__What this task involves__. Pull each line with the string "elements" from the entries.

__Materials provided__.
◇ ◇ ◇ ◇ ◇ ◇ ◇

Lemma sqfR_prod_coprime (P : pred I) r : gcd_domain R -> pairwise_coprime r ->
  (forall i, i \in r -> sqfR (F i)) -> sqfR (\prod_(i <- r | P i) F i).
Proof.
move=> gcdR /(pairwise_coprime_filter P) + sqf_r; rewrite -big_filter.
have {sqf_r} : {in filter P r, forall i, sqfR (F i)}.
  by move=> i; rewrite mem_filter => /andP[_ /sqf_r].
elim: (filter P r) => [_ _ | i r' IHr sqf_ir' [cop_i cop_r']].
  by rewrite big_nil; apply: sqfR_unit; rewrite unitr1.
rewrite big_cons; apply: sqfR_mul => //; first by apply: sqf_ir'; rewrite mem_head.
  by apply: IHr => // j jr'; apply: sqf_ir'; rewrite inE jr' orbT.
by rewrite big_seq; apply: rel_primeR_prodr.
Qed.

End CoprimeFamilies.

Lemma exchange_prod_filter_exp (R : comPzSemiRingType) (I J : Type)
    (rI : seq I) (rJ : seq J) (P : J -> pred I) (f : I -> R) (w : J -> nat) :
  \prod_(j <- rJ) (\prod_(i <- rI | P j i) f i) ^+ w j =
  \prod_(i <- rI) f i ^+ (\sum_(j <- rJ | P j i) w j).
Proof.
transitivity (\prod_(j <- rJ) \prod_(i <- rI) (if P j i then f i ^+ w j else 1)).
  by apply: eq_bigr => j _; rewrite -prodrXl big_mkcond.
by rewrite exchange_big; apply: eq_bigr => i _; rewrite -prodrXr [RHS]big_mkcond.
Qed.

Lemma sum_binary_digits N e : (e < 2 ^ N)%N ->
  (\sum_(k < N | odd (e %/ 2 ^ k)) 2 ^ k)%N = e.
Proof.
rewrite big_mkcond /=; elim: N e => [|N IHN] e lt_e.
  by move: lt_e; rewrite big_ord0 expn0 ltnS leqn0 => /eqP->.
rewrite big_ord_recl /= expn0 divn1.
have -> : (\sum_(i < N) (if odd (e %/ 2 ^ bump 0 i) then 2 ^ bump 0 i else 0) =
           2 * \sum_(i < N) (if odd (e %/ 2 %/ 2 ^ i) then 2 ^ i else 0))%N.
  rewrite big_distrr; apply: eq_bigr => i _.
  by rewrite /bump /= add1n expnS divnMA; case: ifP; rewrite ?muln0.
rewrite IHN; last by rewrite ltn_divLR // -expnSr.
by rewrite divn2 mul2n -[RHS]odd_double_half; case: (odd e).
Qed.

Lemma prod_tails_telescope (R : comPzSemiRingType) (s : nat -> R) (f : nat -> nat) n :
  (forall i, (i < n)%N -> (f i <= f i.+1)%N) ->
  \prod_(1 <= j < n.+1) (\prod_(j <= i < n.+1) s i) ^+ (f j - f j.-1) =
  \prod_(1 <= i < n.+1) s i ^+ (f i - f 0%N).
Proof.
move=> f_mono.
rewrite (eq_big_nat _ _ (F2 := fun j => (\prod_(1 <= i < n.+1 | j <= i) s i) ^+ (f j - f j.-1))%N);
  last by move=> j /andP[j1 _]; rewrite (big_nat_widenl _ _ _ _ _ j1).
rewrite exchange_prod_filter_exp big_seq [RHS]big_seq.
apply: eq_bigr => i; rewrite mem_index_iota ltnS => /andP[_ le_in].
have -> : (\sum_(1 <= j < n.+1 | j <= i) (f j - f j.-1) = \sum_(1 <= j < i.+1) (f j - f j.-1))%N.
  by rewrite [RHS](big_nat_widen _ _ n.+1) //; apply: eq_bigl => j; rewrite ltnS.
rewrite big_add1 /= telescope_sumn_in // => j /andP[_ lt_ji].
by apply: f_mono; apply: leq_trans le_in.
Qed.

Section Chains.
Variables (T : eqType) (e : T -> T -> Prop).

(* The Prop-valued analogue of [path e x p], for relations such as [dvdR] that are not boolean. *)
Fixpoint chain x (p : seq T) : Prop :=
  if p is y :: p' then e x y /\ chain y p' else True.

Lemma chain_nth x0 x p i :
  chain x p -> (i < size p)%N -> e (nth x0 (x :: p) i) (nth x0 p i).
Proof. by elim: p x i => //= y p IHp x [|i] [exy /IHp chain_yp] //= /chain_yp. Qed.

Lemma chain_iota (f : nat -> T) m n :
  (forall i, (m <= i < m + n)%N -> e (f i) (f i.+1)) -> chain (f m) (map f (iota m.+1 n)).
Proof.
elim: n m => //= n IHn m e_f; split; first by apply: e_f; rewrite leqnn addnS ltnS leq_addr.
by apply: IHn => i /andP[le_mi lt_i]; apply: e_f; rewrite addnS -addSn lt_i ltnW.
Qed.

Hypothesis e_trans : forall y x z, e x y -> e y z -> e x z.

Lemma chain_trans x y p : e x y -> chain y p -> chain x p.
Proof. by case: p => //= z p exy [eyz chain_zp]; split=> //; apply: e_trans eyz. Qed.

Lemma chain_mem x p : chain x p -> forall y, y \in p -> e x y.
Proof.
elim: p x => //= z p IHp x [exz chain_zp] y; rewrite inE => /predU1P[-> // | yp].
exact: e_trans exz (IHp _ chain_zp y yp).
Qed.

Hypothesis e_refl : forall x, e x x.
(* Let $\mathbb{F}$ be a field of characteristic $0$, $p,q>1$ integers with $p\neq q$, $\mathcal{J}_{\mathbb{F}}$ the Jordan triple system of all $p\times q$ matrices over $\mathbb{F}$ with triple product $\{x,y,z\}=xy^tz+zy^tx$, and $\mathcal{U}(\mathcal{J}_{\mathbb{F}})$ its universal associative envelope. Then $\mathcal{U}(\mathcal{J}_{\mathbb{F}})\cong M_{(p+q)\times(p+q)}(\mathbb{F})$, the associative algebra of all $(p+q)\times(p+q)$ matrices over $\mathbb{F}$.
   Context: Put $\Omega_1=\{1,\dots,p\}$, $\Omega_2=\{1,\dots,q\}$, and let $E_{i,j}$ ($i\in\Omega_1$, $j\in\Omega_2$) be the standard matrix units of $M_{p\times q}(\mathbb{F})$. Let $\mathfrak{F}$ be the free associative algebra (without identity element) over $\mathbb{F}$ on symbols $G_{i,j}$ ($i\in\Omega_1$, $j\in\Omega_2$), and let $\Phi:\mathcal{J}_{\mathbb{F}}\to\mathfrak{F}$ be the linear map with $\Phi(E_{i,j})=G_{i,j}$. Let $I$ be the two-sided ideal of $\mathfrak{F}$ generated by all elements $G_{i,j}G_{k,\ell}G_{s,t}+G_{s,t}G_{k,\ell}G_{i,j}-\Phi(\{E_{i,j},E_{k,\ell},E_{s,t}\})$ ($i,k,s\in\Omega_1$; $j,\ell,t\in\Omega_2$). The universal associative envelope is $\mathcal{U}(\mathcal{J}_{\mathbb{F}})=\mathfrak{F}/I$. *)

From HB Require Import structures.
From mathcomp Require Import all_boot all_order all_algebra.
Set Implicit Arguments. Unset Strict Implicit. Unset Printing Implicit Defensive.
Import GRing.Theory.
Local Open Scope ring_scope.

(* Free associative algebra (without identity) over F on the symbols
   G_{i,j}, i : 'I_p, j : 'I_q.  An element is represented by its coefficient
   function on words (finite sequences of generator indices); elements of the
   free algebra are those functions with zero coefficient on the empty word
   (no identity) and finite support (= bounded degree, as there are finitely
   many words of each length). *)
Definition word (p q : nat) := seq ('I_p * 'I_q).
Definition fa (F : fieldType) (p q : nat) := word p q -> F.

Section FreeAlg.
Variables (F : fieldType) (p q : nat).
Implicit Types (f g : fa F p q).

Definition is_fa f : Prop :=
  f [::] = 0 /\ exists n : nat, forall w : word p q, (n <= size w)%N -> f w = 0.

Definition fa_zero : fa F p q := fun _ => 0.
Definition fa_add f g : fa F p q := fun w => f w + g w.
Definition fa_scale (c : F) f : fa F p q := fun w => c * f w.
Definition fa_opp f : fa F p q := fa_scale (-1) f.
Definition fa_mul f g : fa F p q :=
  fun w => \sum_(i < (size w).+1) f (take i w) * g (drop i w).

Definition Phi (x : 'M[F]_(p, q)) : fa F p q :=
  fun w => match w with [:: a] => x a.1 a.2 | _ => 0 end.

Definition G (i : 'I_p) (j : 'I_q) : fa F p q := Phi (delta_mx i j).

Definition jtriple (x y z : 'M[F]_(p, q)) : 'M[F]_(p, q) :=
  x *m y^T *m z + z *m y^T *m x.

Definition rel_gen (i : 'I_p) (j : 'I_q) (k : 'I_p) (l : 'I_q)
  (s : 'I_p) (t : 'I_q) : fa F p q :=
  fa_add (fa_add (fa_mul (fa_mul (G i j) (G k l)) (G s t))
                 (fa_mul (fa_mul (G s t) (G k l)) (G i j)))
         (fa_opp (Phi (jtriple (delta_mx i j) (delta_mx k l) (delta_mx s t)))).
Definition T_tau {R : realType} {m : nat} (tau : R) (z : m.-tuple R) (q : R) : R :=
  let r := eucl z in
  if q == 1 then (if r <= tau then r ^+ 2 / (2 * tau) else r - tau / 2)
  else if q == 2 then r ^+ 2 / (1 + 2 * tau)
  else let a := alpha_bar r q tau in
       (r - a) * (2 * a + q * (r - a)) / (2 * tau * q).

(* For each x the integrand decouples: minimizing |w|^q + |z - w|^2/(2 tau) over
   w in R^m, the reverse triangle inequality |z - w| >= | |z| - |w| | reduces it to
   the scalar problem min_(b >= 0) b^q + (|z| - b)^2/(2 tau), attained at w parallel
   to z.  By convexity of b |-> b^q that problem is solved by its optimality
   condition b + tau q b^(q-1) = |z| (or b = 0), and its value is T_tau(z, q).
   Integrating the pointwise bound gives M_tau(rho_p)(f) >= int T_tau; the pointwise
   minimizer g is in L^2 (|g| <= |f|) and measurable, because its sublevel sets are
   described by the monotone map b |-> b + tau q b^(q-1), which gives equality. *)

From HB Require Import structures.
From mathcomp Require Import all_boot all_order all_algebra.
From mathcomp Require Import all_classical all_reals all_analysis.
From mathcomp Require Import ring lra measurable_realfun.
Import Order.TTheory GRing.Theory Num.Theory.
Import numFieldNormedType.Exports.
Local Open Scope classical_set_scope.
Local Open Scope ring_scope.
Set Implicit Arguments. Unset Strict Implicit. Unset Printing Implicit Defensive.

Section scalar_problem.
Variable R : realType.
Implicit Types tau q r a b c : R.

Lemma powR_tangent_le q a b : 1 <= q -> 0 <= a -> 0 <= b ->
  powR a q + q * powR a (q - 1) * (b - a) <= powR b q.
Proof.
move=> q1 a0 b0.
have [->|qn1] := eqVneq q 1.
  by rewrite subrr powRr0 !powRr1// mul1r; lra.
have q1' : 1 < q by rewrite lt_def qn1.
have q0 : 0 < q by rewrite (lt_trans _ q1').
have qm0 : 0 < q - 1 by rewrite subr_gt0.
set P := powR a (q - 1).
have P0 : 0 <= P by exact: powR_ge0.
have conj_q : q^-1 + (q / (q - 1))^-1 = 1.
  by rewrite invf_div -{1}(div1r q) -mulrDl subrKC mulfV// gt_eqF.
(* Young's inequality with the conjugate exponents q and q/(q-1) *)
have := conjugate_powR b0 P0 q0 (divr_gt0 q0 qm0) conj_q.
have -> : powR P (q / (q - 1)) = a * P.
  by rewrite /P -powRrM mulrC divfK ?gt_eqF// mulr_powRB1.
rewrite invf_div => young.
have young' : q * (b * P) <= powR b q + (q - 1) * (a * P).
  have -> : powR b q + (q - 1) * (a * P) =
            q * (powR b q / q + a * P * ((q - 1) / q)) by field; rewrite gt_eqF.
  by rewrite ler_pM2l.
rewrite /P -mulr_powRB1 -/P; nra.
Qed.

Definition moreau_obj tau q r b := powR b q + (r - b) ^+ 2 / (2 * tau).

(* [tau] times the derivative of [moreau_obj tau q r] at [c > 0] is
   [prox_inv tau q c - r], so the minimizer is the inverse image of [r]. *)
Definition prox_inv tau q c := c + tau * q * powR c (q - 1).

Lemma prox_inv_le tau q b c : 0 < tau -> 1 <= q -> 0 <= b -> b <= c ->
  prox_inv tau q b <= prox_inv tau q c.
Proof.
move=> t0 q1 b0 bc; rewrite /prox_inv lerD// ler_wpM2l//.
  by rewrite mulr_ge0// ltW// (lt_le_trans _ q1).
by apply: ge0_ler_powR; rewrite ?nnegrE ?subr_ge0// (le_trans b0).
Qed.

Lemma prox_inv_lt tau q b c : 0 < tau -> 1 <= q -> 0 <= b -> b < c ->
  prox_inv tau q b < prox_inv tau q c.
Proof.
move=> t0 q1 b0 bc; rewrite /prox_inv ltr_leD// ler_wpM2l//.
  by rewrite mulr_ge0// ltW// (lt_le_trans _ q1).
by apply: ge0_ler_powR; rewrite ?nnegrE ?subr_ge0// ltW// (le_lt_trans b0).
Qed.

Lemma prox_inv_small tau q r : 1 < q -> 0 < r ->
  exists2 e, 0 < e & prox_inv tau q e < r.
Proof.
move=> q1 r0.
have cvg0 : prox_inv tau q x @[x --> 0^'+] --> 0 + tau * q * 0.
  apply: cvgD; first exact: cvg_at_right_filter.
  by apply: cvgM; [exact: cvg_cst | apply: powR_cvg0; rewrite subr_gt0].
rewrite mulr0 addr0 in cvg0.
near (0 : R)^'+ => e.
exists e; first by near: e; exact: nbhs_right_gt.
by near: e; exact: cvgr_lt cvg0 _ r0.
Unshelve. all: end_near. Qed.

Lemma alpha_barP tau q r : 0 < tau -> 1 < q -> 0 < r ->
  0 <= alpha_bar r q tau < r /\ prox_inv tau q (alpha_bar r q tau) = r.
Proof.
move=> t0 q1 r0; rewrite /alpha_bar gt_eqF//.
apply: (xgetPex 0 (P := [set a | 0 <= a < r /\ a + tau * q * powR a (q - 1) = r])).
have q0 : 0 < q by rewrite (lt_trans _ q1).
have [e e0 He] := prox_inv_small tau q1 r0.
have er : e < r.
  by rewrite (le_lt_trans _ He)// lerDl mulr_ge0 ?powR_ge0// mulr_ge0// ltW.
have Hr : r < prox_inv tau q r.
  by rewrite ltrDl mulr_gt0 ?mulr_gt0// powR_gt0.
have [c ec Hc] : exists2 c, c \in `[e, r] & prox_inv tau q c = r.
  apply: IVT; first exact: ltW.
    apply: derivable_within_continuous => x; rewrite in_itv/= => /andP[ex _].
    apply: derivableD; first exact: derivable_id.
    apply: derivableM; first exact: derivable_cst.
    by apply: derivable_powR; rewrite in_itv/= andbT (lt_le_trans e0).
  by rewrite ge_min le_max (ltW He) (ltW Hr) orbT.
move: ec; rewrite in_itv/= => /andP[ec cr].
exists c; split => //; rewrite (le_trans (ltW e0))//= lt_neqAle cr andbT.
by apply: contra_eq_neq Hc => ->; rewrite gt_eqF.
Qed.
Lemma Cmul_cancel_l g z w : g <> C0 -> Cmul g z = Cmul g w -> z = w.
Proof.
  intros Hg H. pose proof (Nsq_gt0 g Hg) as Hn.
  destruct g as [g1 g2], z as [z1 z2], w as [w1 w2]; unfold Cmul, Nsq in *; simpl in *.
  injection H; intros H2 H1.
  (* multiply by conj g *)
  assert (E1 : (g1 ^ 2 + g2 ^ 2) * (z1 - w1) = 0).
  { transitivity (g1 * ((g1 * z1 - g2 * z2) - (g1 * w1 - g2 * w2))
                  + g2 * ((g1 * z2 + g2 * z1) - (g1 * w2 + g2 * w1))); [ring|].
    rewrite H1, H2; ring. }
  assert (E2 : (g1 ^ 2 + g2 ^ 2) * (z2 - w2) = 0).
  { transitivity (g1 * ((g1 * z2 + g2 * z1) - (g1 * w2 + g2 * w1))
                  - g2 * ((g1 * z1 - g2 * z2) - (g1 * w1 - g2 * w2))); [ring|].
    rewrite H1, H2; ring. }
  apply Rmult_integral in E1; apply Rmult_integral in E2.
  f_equal; lra.
Qed.

Lemma expi_add s t : expi (s + t) = Cmul (expi s) (expi t).
Proof. unfold expi, Cmul; simpl; rewrite cos_plus, sin_plus; f_equal; ring. Qed.

Lemma Nsq_expi t : Nsq (expi t) = 1.
Proof. pose proof (sin2_cos2 t); unfold Rsqr in *; unfold Nsq, expi; cbn [fst snd]; nra. Qed.

Lemma is_arg_polar z th : is_arg z th -> z = Cmul (Cmod z, 0) (expi th).
Proof.
  intros [_ [H1 H2]]; destruct z as [x y]; unfold Cmul, expi; simpl in *.
  f_equal; [rewrite H1 at 1 | rewrite H2 at 1]; ring.
Qed.

Lemma Cpow_polar r th n :
  Cpow (Cmul (r, 0) (expi th)) n = Cmul (r ^ n, 0) (expi (INR n * th)).
Proof.
  induction n as [|n IH].
  - cbn [Cpow]; unfold Cmul, expi, Defs.C1; simpl; rewrite Rmult_0_l, cos_0, sin_0; f_equal; ring.
  - cbn [Cpow]; rewrite IH, S_INR.
    replace ((INR n + 1) * th) with (th + INR n * th) by ring.
    rewrite expi_add; unfold expi, Cmul; simpl; f_equal; ring.
Qed.

Lemma expi_eq s t : expi s = expi t -> exists k : Z, s = t + 2 * IZR k * PI.
Proof.
  unfold expi; intros E; injection E; intros Hsin Hcos.
  assert (Hcos1 : cos (2 * ((s - t) / 2)) = 1).
  { replace (2 * ((s - t) / 2)) with (s - t) by field.
    rewrite cos_minus, Hcos, Hsin, <- (sin2_cos2 t); unfold Rsqr; ring. }
  rewrite cos_2a_sin in Hcos1.
  assert (Hsin0 : sin ((s - t) / 2) = 0) by nra.
  destruct (sin_eq_0_0 _ Hsin0) as [k Hk]; exists k; lra.
Qed.

Definition Cder (z : R -> Cx) (t : R) (d : Cx) : Prop :=
  derivable_pt_lim (fun s => fst (z s)) t (fst d) /\
  derivable_pt_lim (fun s => snd (z s)) t (snd d).

Lemma Cder_ext z t d d' : Cder z t d -> d = d' -> Cder z t d'.
Proof. intros H ->; exact H. Qed.

Lemma Cder_const c t : Cder (fun _ => c) t C0.
Proof. split; apply derivable_pt_lim_const. Qed.

Lemma Cder_add z w t dz dw : Cder z t dz -> Cder w t dw ->
  Cder (fun s => Cadd (z s) (w s)) t (Cadd dz dw).
Proof.
  intros [H1 H2] [H3 H4]; split.
  - exact (derivable_pt_lim_plus _ _ _ _ _ H1 H3).
  - exact (derivable_pt_lim_plus _ _ _ _ _ H2 H4).
Qed.

Lemma Cder_conj z t dz : Cder z t dz -> Cder (fun s => Cconj (z s)) t (Cconj dz).
Proof. intros [H1 H2]; split; [exact H1 | exact (derivable_pt_lim_opp _ _ _ H2)]. Qed.

Lemma Cder_mul z w t dz dw : Cder z t dz -> Cder w t dw ->
  Cder (fun s => Cmul (z s) (w s)) t (Cadd (Cmul dz (w t)) (Cmul (z t) dw)).
Proof.
  intros [H1 H2] [H3 H4]; split.
  - replace (fst _) with
      (fst dz * fst (w t) + fst (z t) * fst dw - (snd dz * snd (w t) + snd (z t) * snd dw))
      by (unfold Cmul, Cadd; simpl; ring).
    exact (derivable_pt_lim_minus _ _ _ _ _
      (derivable_pt_lim_mult _ _ _ _ _ H1 H3) (derivable_pt_lim_mult _ _ _ _ _ H2 H4)).
  - replace (snd _) with
      (fst dz * snd (w t) + fst (z t) * snd dw + (snd dz * fst (w t) + snd (z t) * fst dw))
      by (unfold Cmul, Cadd; simpl; ring).
    exact (derivable_pt_lim_plus _ _ _ _ _
      (derivable_pt_lim_mult _ _ _ _ _ H1 H4) (derivable_pt_lim_mult _ _ _ _ _ H2 H3)).
Qed.

Lemma Cpow_deriv_S n z : Cpow_deriv (S n) z = Cmul (INR (S n), 0) (Cpow z n).
Proof. unfold Cpow_deriv; simpl; rewrite Nat.sub_0_r; reflexivity. Qed.

Lemma Cder_pow z t dz n : Cder z t dz ->
  Cder (fun s => Cpow (z s) (S n)) t (Cmul (Cpow_deriv (S n) (z t)) dz).
Proof.
  intros Hz; rewrite Cpow_deriv_S; induction n as [|n IH].
  - eapply Cder_ext; [exact (Cder_mul _ _ _ _ _ Hz (Cder_const Defs.C1 t))|].
    destruct (z t), dz; unfold Cmul, Cadd, Defs.C1, C0; simpl; f_equal; ring.
  - eapply Cder_ext; [exact (Cder_mul _ _ _ _ _ Hz IH)|].
    rewrite (S_INR (S n)); cbn [Cpow].
    generalize (INR (S n)) (Cpow (z t) n); intros N [c d].
    destruct (z t) as [a b], dz as [e f]; unfold Cmul, Cadd; simpl; f_equal; ring.
Qed.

◇ ◇ ◇ ◇ ◇ ◇ ◇

__Response for this exercise__.
   Context: Put $\Omega_1=\{1,\dots,p\}$, $\Omega_2=\{1,\dots,q\}$, and let $E_{i,j}$ ($i\in\Omega_1$, $j\in\Omega_2$) be the standard matrix units of $M_{p\times q}(\mathbb{F})$. Let $\mathfrak{F}$ be the free associative algebra (without identity element) over $\mathbb{F}$ on symbols $G_{i,j}$ ($i\in\Omega_1$, $j\in\Omega_2$), and let $\Phi:\mathcal{J}_{\mathbb{F}}\to\mathfrak{F}$ be the linear map with $\Phi(E_{i,j})=G_{i,j}$. Let $I$ be the two-sided ideal of $\mathfrak{F}$ generated by all elements $G_{i,j}G_{k,\ell}G_{s,t}+G_{s,t}G_{k,\ell}G_{i,j}-\Phi(\{E_{i,j},E_{k,\ell},E_{s,t}\})$ ($i,k,s\in\Omega_1$; $j,\ell,t\in\Omega_2$). The universal associative envelope is $\mathcal{U}(\mathcal{J}_{\mathbb{F}})=\mathfrak{F}/I$. *)
   function on words (finite sequences of generator indices); elements of the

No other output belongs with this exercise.